* [REQUIRED ACTION]: The required result is each line of the entries below containing the string "xorb".

# # # # #

(* Let $p\in\Delta_7$ have at least one vanishing entry. Then $p\in\operatorname{RBM}_{3,2}$ if and only if for every state $x\in\{0,1\}^3$ with $p_x=0$ there is a Hamming neighbour $y$ of $x$ with $p_y=0$.
   Context: A distribution of three binary random variables is a $2\times2\times2$ tensor $p=(p_x)_{x\in\{0,1\}^3}$ with nonnegative entries summing to $1$; the set of these is $\Delta_7$. Two states are Hamming neighbours if they differ in exactly one coordinate. For $a,b,c\in\mathbb{R}^2_{\ge0}$, $a\otimes b\otimes c$ is the tensor with entries $a_ib_jc_k$. $\operatorname{RBM}_{3,2}$ is the set of $p\in\Delta_7$ of the form $p=(a_1\otimes b_1\otimes c_1+d_1\otimes e_1\otimes f_1)*(a_2\otimes b_2\otimes c_2+d_2\otimes e_2\otimes f_2)$ with all vectors in $\mathbb{R}^2_{\ge0}$, where $*$ is the entrywise (Hadamard) product. *)

From Stdlib Require Import Reals.
Open Scope R_scope.

(* States of three binary variables: triples of booleans (false = 0, true = 1). *)
Definition state : Type := (bool * bool * bool)%type.

Definition tensor : Type := state -> R.

(* Vectors in R^2 are functions bool -> R (index false = 1st, true = 2nd entry). *)
Definition vec2 : Type := bool -> R.
Definition nonneg2 (a : vec2) : Prop := 0 <= a false /\ 0 <= a true.

Definition in_simplex (p : tensor) : Prop :=
  (forall x : state, 0 <= p x) /\
  p (false,false,false) + p (false,false,true) + p (false,true,false)
  + p (false,true,true) + p (true,false,false) + p (true,false,true)
  + p (true,true,false) + p (true,true,true) = 1.

Definition outer3 (a b c : vec2) : tensor :=
  fun x => let '(i, j, k) := x in a i * b j * c k.

Definition in_RBM32 (p : tensor) : Prop :=
  in_simplex p /\
  exists a1 b1 c1 d1 e1 f1 a2 b2 c2 d2 e2 f2 : vec2,
    nonneg2 a1 /\ nonneg2 b1 /\ nonneg2 c1 /\ nonneg2 d1 /\ nonneg2 e1 /\ nonneg2 f1 /\
    nonneg2 a2 /\ nonneg2 b2 /\ nonneg2 c2 /\ nonneg2 d2 /\ nonneg2 e2 /\ nonneg2 f2 /\
    forall x : state,
      p x = (outer3 a1 b1 c1 x + outer3 d1 e1 f1 x) * (outer3 a2 b2 c2 x + outer3 d2 e2 f2 x).

Definition hamming_neighbour (x y : state) : Prop :=
  let '(x1, x2, x3) := x in
  let '(y1, y2, y3) := y in
  (y1 = negb x1 /\ y2 = x2 /\ y3 = x3) \/
  (y1 = x1 /\ y2 = negb x2 /\ y3 = x3) \/
  (y1 = x1 /\ y2 = x2 /\ y3 = negb x3).

(* Necessity: a factor of the Hadamard product is a sum of two nonnegative
   rank-one tensors; if it vanishes at x, each summand has a vanishing entry in
   some coordinate, and flipping x in a third coordinate keeps both zero.
   Sufficiency: composing with a symmetry of the cube, p vanishes on the edge
   {000, 001}. Then p is the Hadamard product of explicit rank-two tensors
   supported away from that edge, built slice by slice in the last coordinate;
   the neighbour condition at 11k is exactly what makes each slice factor. *)

From Stdlib Require Import Reals Lra.
Open Scope R_scope.

Definition nonneg_rank_two (t : tensor) : Prop :=
  exists a b c d e f : vec2,
    nonneg2 a /\ nonneg2 b /\ nonneg2 c /\ nonneg2 d /\ nonneg2 e /\ nonneg2 f /\
    forall x : state, t x = outer3 a b c x + outer3 d e f x.

Definition hadamard_of_rank_two (p : tensor) : Prop :=
  exists t1 t2 : tensor,
    nonneg_rank_two t1 /\ nonneg_rank_two t2 /\ forall x : state, p x = t1 x * t2 x.

Definition zeros_have_zero_neighbour (p : tensor) : Prop :=
  forall x : state, p x = 0 -> exists y : state, hamming_neighbour x y /\ p y = 0.

Lemma nonneg_rank_two_intro (a b c d e f : vec2) :
  nonneg2 a -> nonneg2 b -> nonneg2 c -> nonneg2 d -> nonneg2 e -> nonneg2 f ->
  nonneg_rank_two (fun x => outer3 a b c x + outer3 d e f x).
Proof. intros; exists a, b, c, d, e, f; repeat (split; [assumption|]); reflexivity. Qed.

Lemma in_RBM32_iff (p : tensor) :
  in_RBM32 p <-> in_simplex p /\ hadamard_of_rank_two p.
Proof.
  split; intros [Hs H]; split; try exact Hs.
  - destruct H as (a1 & b1 & c1 & d1 & e1 & f1 & a2 & b2 & c2 & d2 & e2 & f2 &
                   Ha1 & Hb1 & Hc1 & Hd1 & He1 & Hf1 &
                   Ha2 & Hb2 & Hc2 & Hd2 & He2 & Hf2 & Hp).
    exists (fun x => outer3 a1 b1 c1 x + outer3 d1 e1 f1 x),
           (fun x => outer3 a2 b2 c2 x + outer3 d2 e2 f2 x).
    split; [|split]; [| | exact Hp].
    + apply nonneg_rank_two_intro; assumption.
    + apply nonneg_rank_two_intro; assumption.
  - destruct H as (t1 & t2 &
                   (a1 & b1 & c1 & d1 & e1 & f1 & Ha1 & Hb1 & Hc1 & Hd1 & He1 & Hf1 & H1) &
                   (a2 & b2 & c2 & d2 & e2 & f2 & Ha2 & Hb2 & Hc2 & Hd2 & He2 & Hf2 & H2) & Hp).
    exists a1, b1, c1, d1, e1, f1, a2, b2, c2, d2, e2, f2.
    repeat (split; [assumption|]).
    intro x; rewrite Hp, H1, H2; reflexivity.
Qed.

Lemma nonneg2_entry (a : vec2) (i : bool) : nonneg2 a -> 0 <= a i.
Proof. intros [H0 H1]; destruct i; assumption. Qed.

Lemma outer3_nonneg (a b c : vec2) (x : state) :
  nonneg2 a -> nonneg2 b -> nonneg2 c -> 0 <= outer3 a b c x.
Proof.
  destruct x as [[i j] k]; intros Ha Hb Hc; simpl.
  repeat apply Rmult_le_pos; apply nonneg2_entry; assumption.
Qed.

Lemma outer3_eq0 (a b c : vec2) (i j k : bool) :
  outer3 a b c (i, j, k) = 0 -> a i = 0 \/ b j = 0 \/ c k = 0.
Proof.
  simpl; intro H.
  destruct (Rmult_integral _ _ H) as [H' | H']; [|tauto].
  destruct (Rmult_integral _ _ H'); tauto.
Qed.

Lemma nonneg_rank_two_zero_neighbour (t : tensor) (x : state) :
  nonneg_rank_two t -> t x = 0 -> exists y : state, hamming_neighbour x y /\ t y = 0.
Proof.
  intros (a & b & c & d & e & f & Ha & Hb & Hc & Hd & He & Hf & Ht) Hx.
  destruct x as [[i j] k].
  rewrite Ht in Hx.
  pose proof (outer3_nonneg a b c (i, j, k) Ha Hb Hc).
  pose proof (outer3_nonneg d e f (i, j, k) Hd He Hf).
  assert (Z1 : outer3 a b c (i, j, k) = 0) by lra.
  assert (Z2 : outer3 d e f (i, j, k) = 0) by lra.
  apply outer3_eq0 in Z1; apply outer3_eq0 in Z2.
  destruct Z1 as [Z1 | [Z1 | Z1]], Z2 as [Z2 | [Z2 | Z2]];
  first [ exists (negb i, j, k); split; [simpl; tauto | rewrite Ht; simpl; rewrite Z1, Z2; ring]
        | exists (i, negb j, k); split; [simpl; tauto | rewrite Ht; simpl; rewrite Z1, Z2; ring]
        | exists (i, j, negb k); split; [simpl; tauto | rewrite Ht; simpl; rewrite Z1, Z2; ring] ].
Qed.

Lemma hadamard_zero_neighbour (p : tensor) :
  hadamard_of_rank_two p -> zeros_have_zero_neighbour p.
Proof.
  intros (t1 & t2 & H1 & H2 & Hp) x Hx.
  rewrite Hp in Hx.
  destruct (Rmult_integral _ _ Hx) as [Z | Z].
  - destruct (nonneg_rank_two_zero_neighbour t1 x H1 Z) as [y [Hxy Hy]].
    exists y; split; [exact Hxy | rewrite Hp, Hy; ring].
  - destruct (nonneg_rank_two_zero_neighbour t2 x H2 Z) as [y [Hxy Hy]].
    exists y; split; [exact Hxy | rewrite Hp, Hy; ring].
Qed.

Definition pair2 (u v : R) : vec2 := fun b => if b then v else u.

Lemma nonneg2_pair2 (u v : R) : 0 <= u -> 0 <= v -> nonneg2 (pair2 u v).
Proof. intros; split; assumption. Qed.

(* The slice [[0, u], [v, w]] is the Hadamard product of [[0, f], [c, c]] and [[0, c'], [f', c']]. *)
Lemma hadamard_split_2x2 (u v w : R) :
  0 <= u -> 0 <= v -> 0 <= w -> (w = 0 -> u = 0 \/ v = 0) ->
  exists c c' f f', 0 <= c /\ 0 <= c' /\ 0 <= f /\ 0 <= f' /\
    f * c' = u /\ c * f' = v /\ c * c' = w.
Proof.
  intros Hu Hv [Hw | Hw] H.
  - exists w, 1, u, (v / w). repeat split; try lra.
    + apply Rmult_le_pos; [lra | left; apply Rinv_0_lt_compat; lra].
    + field; lra.
  - destruct (H (eq_sym Hw)) as [H0 | H0].
    + exists 1, 0, 0, v. repeat split; lra.
    + exists 0, 1, u, 0. repeat split; lra.
Qed.

Section ZeroEdge.

Variable p : tensor.
Hypothesis p_nonneg : forall x : state, 0 <= p x.
Hypothesis p000 : p (false, false, false) = 0.
Hypothesis p001 : p (false, false, true) = 0.

Lemma hadamard_zero_edge_generic :
  (forall k : bool, p (true, true, k) = 0 -> p (false, true, k) = 0 \/ p (true, false, k) = 0) ->
  hadamard_of_rank_two p.
Proof.
  intro Htop.
  destruct (hadamard_split_2x2 _ _ _ (p_nonneg (false, true, false))
              (p_nonneg (true, false, false)) (p_nonneg (true, true, false)) (Htop false))
    as (c0 & c0' & f0 & f0' & ? & ? & ? & ? & E01 & E10 & E11).
  destruct (hadamard_split_2x2 _ _ _ (p_nonneg (false, true, true))
              (p_nonneg (true, false, true)) (p_nonneg (true, true, true)) (Htop true))
    as (c1 & c1' & f1 & f1' & ? & ? & ? & ? & F01 & F10 & F11).
  exists (fun x => outer3 (pair2 0 1) (pair2 1 1) (pair2 c0 c1) x
                 + outer3 (pair2 1 0) (pair2 0 1) (pair2 f0 f1) x),
         (fun x => outer3 (pair2 1 1) (pair2 0 1) (pair2 c0' c1') x
                 + outer3 (pair2 0 1) (pair2 1 0) (pair2 f0' f1') x).
  split; [|split].
  - apply nonneg_rank_two_intro; apply nonneg2_pair2; lra.
  - apply nonneg_rank_two_intro; apply nonneg2_pair2; lra.
  - intros [[[|] [|]] [|]]; simpl;
    first [ rewrite <- E01 | rewrite <- E10 | rewrite <- E11
          | rewrite <- F01 | rewrite <- F10 | rewrite <- F11
          | rewrite p000 | rewrite p001 ]; ring.
Qed.

Lemma hadamard_zero_edge_degenerate :
  p (true, true, false) = 0 -> p (true, true, true) = 0 -> hadamard_of_rank_two p.
Proof.
  intros p110 p111.
  exists (fun x => outer3 (pair2 1 0) (pair2 0 1)
                          (pair2 (p (false, true, false)) (p (false, true, true))) x
                 + outer3 (pair2 0 1) (pair2 1 0)
                          (pair2 (p (true, false, false)) (p (true, false, true))) x),
         (fun x => outer3 (pair2 1 1) (pair2 1 1) (pair2 1 1) x
                 + outer3 (pair2 0 0) (pair2 0 0) (pair2 0 0) x).
  split; [|split].
  - apply nonneg_rank_two_intro; apply nonneg2_pair2; try lra; apply p_nonneg.
  - apply nonneg_rank_two_intro; apply nonneg2_pair2; lra.
  - intros [[[|] [|]] [|]]; simpl;
    first [ rewrite p000 | rewrite p001 | rewrite p110 | rewrite p111 | idtac ]; ring.
Qed.

Lemma zero_top_neighbour (k : bool) :
  zeros_have_zero_neighbour p -> p (true, true, k) = 0 -> p (true, true, negb k) <> 0 ->
  p (false, true, k) = 0 \/ p (true, false, k) = 0.
Proof.
  intros Hc Hz Hnz.
  destruct (Hc _ Hz) as [[[i j] l] [Hn Hy]].
  destruct k, i, j, l; simpl in *; intuition discriminate.
Qed.

Lemma hadamard_zero_edge :
  zeros_have_zero_neighbour p -> hadamard_of_rank_two p.
Proof.
  intro Hc.
  destruct (Req_dec (p (true, true, false)) 0) as [z0 | z0],
           (Req_dec (p (true, true, true)) 0) as [z1 | z1].
  - exact (hadamard_zero_edge_degenerate z0 z1).
  - apply hadamard_zero_edge_generic; intros [|] Hz;
      [contradiction | exact (zero_top_neighbour false Hc z0 z1)].
  - apply hadamard_zero_edge_generic; intros [|] Hz;
      [exact (zero_top_neighbour true Hc z1 z0) | contradiction].
  - apply hadamard_zero_edge_generic; intros [|] Hz; contradiction.
Qed.

End ZeroEdge.

Definition translate (t x : state) : state :=
  let '(t1, t2, t3) := t in let '(i, j, k) := x in (xorb i t1, xorb j t2, xorb k t3).

Definition rotate (x : state) : state := let '(i, j, k) := x in (j, k, i).

Lemma zeros_have_zero_neighbour_comp (g : state -> state) (p : tensor) :
  (forall y : state, exists x, g x = y) ->
  (forall x y : state, hamming_neighbour (g x) (g y) -> hamming_neighbour x y) ->
  zeros_have_zero_neighbour p -> zeros_have_zero_neighbour (fun x => p (g x)).
Proof.
  intros Hsurj Hrefl Hc x Hx.
  destruct (Hc _ Hx) as [y [Hn Hy]].
  destruct (Hsurj y) as [x' <-].
  exists x'; split; [apply Hrefl; exact Hn | exact Hy].
Qed.

Lemma hadamard_of_rank_two_comp (g : state -> state) (q p : tensor) :
  (forall t : tensor, nonneg_rank_two t -> nonneg_rank_two (fun x => t (g x))) ->
  hadamard_of_rank_two q -> (forall x : state, p x = q (g x)) -> hadamard_of_rank_two p.
Proof.
  intros Hg (t1 & t2 & H1 & H2 & Hq) Hp.
  exists (fun x => t1 (g x)), (fun x => t2 (g x)).
  split; [apply Hg; exact H1 | split; [apply Hg; exact H2 |]].
  intro x; rewrite Hp; apply Hq.
Qed.

Lemma nonneg_rank_two_translate (s : state) (t : tensor) :
  nonneg_rank_two t -> nonneg_rank_two (fun x => t (translate s x)).
Proof.
  destruct s as [[s1 s2] s3].
  intros (a & b & c & d & e & f & Ha & Hb & Hc & Hd & He & Hf & Ht).
  exists (fun i => a (xorb i s1)), (fun j => b (xorb j s2)), (fun k => c (xorb k s3)),
         (fun i => d (xorb i s1)), (fun j => e (xorb j s2)), (fun k => f (xorb k s3)).
  repeat split; try (apply nonneg2_entry; assumption).
  intros [[i j] k]; apply Ht.
Qed.

Lemma nonneg_rank_two_rotate (t : tensor) :
  nonneg_rank_two t -> nonneg_rank_two (fun x => t (rotate x)).
Proof.
  intros (a & b & c & d & e & f & Ha & Hb & Hc & Hd & He & Hf & Ht).
  exists c, a, b, f, d, e; repeat (split; [assumption|]).
  intros [[i j] k]; rewrite Ht; simpl; ring.
Qed.

Lemma translate_involutive (s x : state) : translate s (translate s x) = x.
Proof.
  destruct s as [[[|] [|]] [|]], x as [[[|] [|]] [|]]; reflexivity.
Qed.

Lemma rotate_cube (x : state) : rotate (rotate (rotate x)) = x.
Proof. destruct x as [[i j] k]; reflexivity. Qed.

Lemma hamming_neighbour_translate (s x y : state) :
  hamming_neighbour (translate s x) (translate s y) -> hamming_neighbour x y.
Proof.
  destruct s as [[[|] [|]] [|]], x as [[[|] [|]] [|]], y as [[[|] [|]] [|]];
    simpl; intuition discriminate.
Qed.

Lemma hamming_neighbour_rotate (x y : state) :
  hamming_neighbour (rotate x) (rotate y) -> hamming_neighbour x y.
Proof.
  destruct x as [[i j] k], y as [[i' j'] k']; simpl; tauto.
Qed.

Lemma zeros_have_zero_neighbour_translate (s : state) (p : tensor) :
  zeros_have_zero_neighbour p -> zeros_have_zero_neighbour (fun x => p (translate s x)).
Proof.
  apply zeros_have_zero_neighbour_comp.
  - intro y; exists (translate s y); apply translate_involutive.
  - apply hamming_neighbour_translate.
Qed.

Lemma zeros_have_zero_neighbour_rotate (p : tensor) :
  zeros_have_zero_neighbour p -> zeros_have_zero_neighbour (fun x => p (rotate x)).
Proof.
  apply zeros_have_zero_neighbour_comp.
  - intro y; exists (rotate (rotate y)); apply rotate_cube.
  - apply hamming_neighbour_rotate.
Qed.

(* Rotating once or twice turns an edge along the second or first coordinate
   into one along the third. *)
Lemma hadamard_of_zero_at_origin (q : tensor) :
  (forall x : state, 0 <= q x) -> zeros_have_zero_neighbour q ->
  q (false, false, false) = 0 -> hadamard_of_rank_two q.
Proof.
  intros Hn Hc Z.
  destruct (Hc _ Z) as [[[[|] [|]] [|]] [Hnb Hy]]; simpl in Hnb; try (intuition discriminate).
  - apply (hadamard_of_rank_two_comp rotate (fun x => q (rotate (rotate x))));
      [exact nonneg_rank_two_rotate | | intro; rewrite rotate_cube; reflexivity].
    apply hadamard_zero_edge; auto.
    apply (zeros_have_zero_neighbour_rotate (fun x => q (rotate x))).
    apply zeros_have_zero_neighbour_rotate; exact Hc.
  - apply (hadamard_of_rank_two_comp (fun x => rotate (rotate x)) (fun x => q (rotate x)));
      [intros t Ht; apply (nonneg_rank_two_rotate (fun x => t (rotate x))),
         nonneg_rank_two_rotate, Ht
      | | intro; rewrite rotate_cube; reflexivity].
    apply hadamard_zero_edge; auto.
    apply zeros_have_zero_neighbour_rotate; exact Hc.
  - apply hadamard_zero_edge; assumption.
Qed.

Lemma hadamard_of_zero (p : tensor) (x0 : state) :
  (forall x : state, 0 <= p x) -> zeros_have_zero_neighbour p -> p x0 = 0 ->
  hadamard_of_rank_two p.
Proof.
  intros Hn Hc Hx0.
  apply (hadamard_of_rank_two_comp (translate x0) (fun x => p (translate x0 x)));
    [exact (nonneg_rank_two_translate x0) | | intro; rewrite translate_involutive; reflexivity].
  apply hadamard_of_zero_at_origin; auto.
  - apply zeros_have_zero_neighbour_translate; exact Hc.
  - rewrite <- Hx0; destruct x0 as [[[|] [|]] [|]]; reflexivity.
Qed.

Theorem mainTheorem8 (p : tensor) :
  in_simplex p ->
  (exists x : state, p x = 0) ->
  (in_RBM32 p <->
   forall x : state, p x = 0 -> exists y : state, hamming_neighbour x y /\ p y = 0).
Proof.
  intros Hs [x0 Hx0].
  rewrite in_RBM32_iff.
  split.
  - intros [_ H]. exact (hadamard_zero_neighbour p H).
  - intro Hc. split; [exact Hs|].
    exact (hadamard_of_zero p x0 (proj1 Hs) Hc Hx0).
Qed.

# # # # #

* [SOLUTION TO THIS EXERCISE]:
  let '(t1, t2, t3) := t in let '(i, j, k) := x in (xorb i t1, xorb j t2, xorb k t3).
  exists (fun i => a (xorb i s1)), (fun j => b (xorb j s2)), (fun k => c (xorb k s3)),
         (fun i => d (xorb i s1)), (fun j => e (xorb j s2)), (fun k => f (xorb k s3)).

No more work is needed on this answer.